Oil rebounded from its biggest decline in more than three weeks amid speculation that economic data from Japan and the U.S. signal increasing demand for fuel.
Crude rose as much as 1.1 percent, following a 3.3 percent drop on Nov. 12, after reports showed gross domestic product in Japan grew more than forecast in the third quarter and U.S. retail sales climbed more than forecast in October.
“Stronger-than-expected GDP data out of Japan is supporting the outlook for oil demand this morning, helping the market recover from the carnage at the end of last week,” said Robert Montefusco, senior broker with Sucden Financial in London.
Oil for December delivery rose as much as 89 cents to $85.77 a barrel on the New York Mercantile Exchange and was at $85.43 at 1:38 p.m. London time. Brent crude for December settlement was up 73 cents at $87.07 on the ICE Futures Europe exchange in London. The December Brent contract expires today. The more actively traded January future was up 62 cents at $87.15 a barrel.
Japan’s economy increased an annualized 3.9 percent in the three months ended Sept. 30, the Cabinet Office said in Tokyo today. The median forecast of 21 economists surveyed by Bloomberg News was for a 2.5 percent gain. Japan is the world’s third-largest oil consumer, after the U.S. and China.

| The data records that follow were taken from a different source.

Lemma subsolution_le_at_interior_max c Phi Phi' Phi'' a b z0 delta :
  radial_supersolution Phi Phi' Phi'' a b -> 0 < delta ->
  (forall w, Rabs (fst w - fst z0) < delta -> Rabs (snd w - snd z0) < delta ->
     D w /\ a < sqdist w c < b /\ u w - Phi (sqdist w c) <= u z0 - Phi (sqdist z0 c)) ->
  u z0 <= Phi (sqdist z0 c).
Proof.
intros Hsuper Hdelta Hbox.
destruct z0 as [x0 y0].
destruct u_C2 as (_ & Hd1 & (_ & Hdx & _ & _) & (_ & Hdy & _ & _)).
assert (Hcentre : Rabs (x0 - x0) < delta /\ Rabs (y0 - y0) < delta)
  by (rewrite !Rminus_diag, Rabs_R0; lra).
destruct (Hbox (x0, y0) (proj1 Hcentre) (proj2 Hcentre)) as [HD0 [Hs0 _]].
destruct (Hsuper _ Hs0) as [_ [HPhi' Hsup]].
assert (Hxx : dx (dx u) (x0, y0) <=
  2 * Phi' (sqdist (x0, y0) c) + 4 * (x0 - fst c) ^ 2 * Phi'' (sqdist (x0, y0) c)).
{ apply (radial_line_max_second (fun t => u (t, y0)) (fun t => dx u (t, y0))
           (fun t => sqdist (t, y0) c) Phi Phi' Phi'' (fst c) ((y0 - snd c) ^ 2) x0 delta);
    [exact Hdelta|reflexivity| | |exact HPhi'].
  - intros t Ht.
    destruct (Hbox (t, y0) Ht (proj2 Hcentre)) as (HDt & Hst & Hmax).
    split; [|split; [apply Hsuper, Hst|exact Hmax]].
    apply (Derive_correct (fun t' => u (t', y0))), (Hd1 (t, y0) HDt).
  - apply (Derive_correct (fun t => dx u (t, y0))), (Hdx _ HD0). }
assert (Hyy : dy (dy u) (x0, y0) <=
  2 * Phi' (sqdist (x0, y0) c) + 4 * (y0 - snd c) ^ 2 * Phi'' (sqdist (x0, y0) c)).
{ apply (radial_line_max_second (fun t => u (x0, t)) (fun t => dy u (x0, t))
           (fun t => sqdist (x0, t) c) Phi Phi' Phi'' (snd c) ((x0 - fst c) ^ 2) y0 delta);
    [exact Hdelta|intros t; unfold sqdist; simpl; ring| | |exact HPhi'].
  - intros t Ht.
    destruct (Hbox (x0, t) (proj1 Hcentre) Ht) as (HDt & Hst & Hmax).
    split; [|split; [apply Hsuper, Hst|exact Hmax]].
    apply (Derive_correct (fun t' => u (x0, t'))), (Hd1 (x0, t) HDt).
  - apply (Derive_correct (fun t => dy u (x0, t))), (Hdy _ HD0). }
assert (Hlap : exp (2 * u (x0, y0)) <= exp (2 * Phi (sqdist (x0, y0) c))).
{ pose proof (u_subsolution _ HD0) as Hsub; unfold Lap in Hsub.
  replace (sqdist (x0, y0) c) with ((x0 - fst c) ^ 2 + (y0 - snd c) ^ 2) in Hsup at 1
    by reflexivity.
  lra. }
apply Rnot_lt_le; intros Hlt.
pose proof (exp_increasing (2 * Phi (sqdist (x0, y0) c)) (2 * u (x0, y0)) ltac:(lra)); lra.
Qed.
Lemma approx_point_spectrum_spectrum {V : Type} (X : (V -> C) -> Prop)
  (nrm : (V -> C) -> R) (A : (V -> C) -> (V -> C)) (lam : C) :
  (forall f, X f -> X (shift_op A lam f)) ->
  approx_point_spectrum X nrm A lam -> spectrum X nrm A lam.
Proof.
  intros Hshift [fs [HX [Hunit Hlim]]] [S [[_ [K HK]] [_ [Hleft _]]]].
  assert (Hge : forall n, 1 <= K * nrm (shift_op A lam (fs n))).
  { intro n. rewrite <- (Hunit n).
    replace (fs n) with (S (shift_op A lam (fs n))) at 1
      by (apply functional_extensionality, Hleft, HX).
    apply HK, Hshift, HX. }
  apply is_lim_seq_scal_l with (a := K) in Hlim. simpl in Hlim.
  rewrite Rmult_0_r in Hlim. apply is_lim_seq_spec in Hlim.
  destruct (Hlim (mkposreal 1 Rlt_0_1)) as [N HN]. specialize (HN N (le_n N)). simpl in HN.
  specialize (Hge N). rewrite Rminus_0_r in HN. apply Rabs_def2 in HN. lra.
Qed.

Definition cscal {V : Type} (c : C) (f : V -> C) : V -> C := fun u => (c * f u)%C.

Definition chi {V : Type} (v : V) : V -> C :=
  fun u => if excluded_middle_informative (u = v) then RtoC 1 else RtoC 0.

Section WeightedSpace.

Context {V : Type} (o : V) (par : V -> V) (k : nat).
Hypothesis Htree : is_rooted_tree o par.
Hypothesis Hlf : locally_finite o par.

Lemma depth_spec v : Nat.iter (depth o par v) par v = o.
Proof.
  assert (Hleast : exists n, Nat.iter n par v = o /\
                     forall m, Nat.iter m par v = o -> (n <= m)%nat).
  { destruct (Wf_nat.dec_inh_nat_subset_has_unique_least_element
                (fun n => Nat.iter n par v = o)) as [n [Hn _]].
    - intro n. apply classic.
    - apply Htree.
    - exists n. exact Hn. }
  exact (proj1 (epsilon_spec (inhabits 0%nat) _ Hleast)).
Qed.

Lemma depth_pos v : v <> o -> (1 <= depth o par v)%nat.
Proof.
  intro Hv. pose proof (depth_spec v) as H.
  destruct (depth o par v); [simpl in H; congruence|lia].
Qed.

Lemma par_neq v : v <> o -> par v <> v.
Proof.
  intros Hv Hfix. destruct (Htree v) as [n Hn].
  rewrite iter_fixpoint in Hn; auto.
Qed.

Lemma wDf_ge0 f v : 0 <= wDf o par k f v.
Proof. apply Rmult_le_pos; [apply weight_ge0|apply Cmod_ge_0]. Qed.

Definition sup_wDf (f : V -> C) : R :=
  real (Lub_Rbar (fun x => exists v, v <> o /\ x = wDf o par k f v)).

Lemma normk_eq f : normk o par k f = Cmod (f o) + sup_wDf f.
Proof. reflexivity. Qed.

“It gives further evidence of that Asian recovery,” said Ben Westmore, a minerals and energy economist at National Australia Bank Ltd. in Melbourne. “You’ve seen the recovery in China and the positive spill-over effects for those economies in the Asian region. Up until now, you haven’t really seen it as much in Japan.”
U.S. Retail Sales
U.S. retail sales rose 1.2 percent in October, the biggest gain since March, following a 0.7 percent September increase that was larger than previously estimated, Commerce Department figures showed today. The median estimate of 74 economists surveyed by Bloomberg News projected a 0.7 percent advance.
Oil dropped 2.3 percent last week on speculation China will raise interest rates, damping growth in the world’s biggest energy consumer. Such steps to cool the economy may damp fuel prices, according to John Vautrain, a senior vice president at energy consultants Purvin & Gertz Inc. in Singapore.
“The Chinese government is interested in tapering the economy a bit,” he said.
Chinese demand for fuel has surged this year. Oil processing rose to a record last month after refiners increased production to ease a domestic fuel shortage. Plants refined 37 million metric tons, or about 8.8 million barrels a day, in October, up 12 percent from a year earlier, China Mainland Marketing Research Co. said Nov. 11.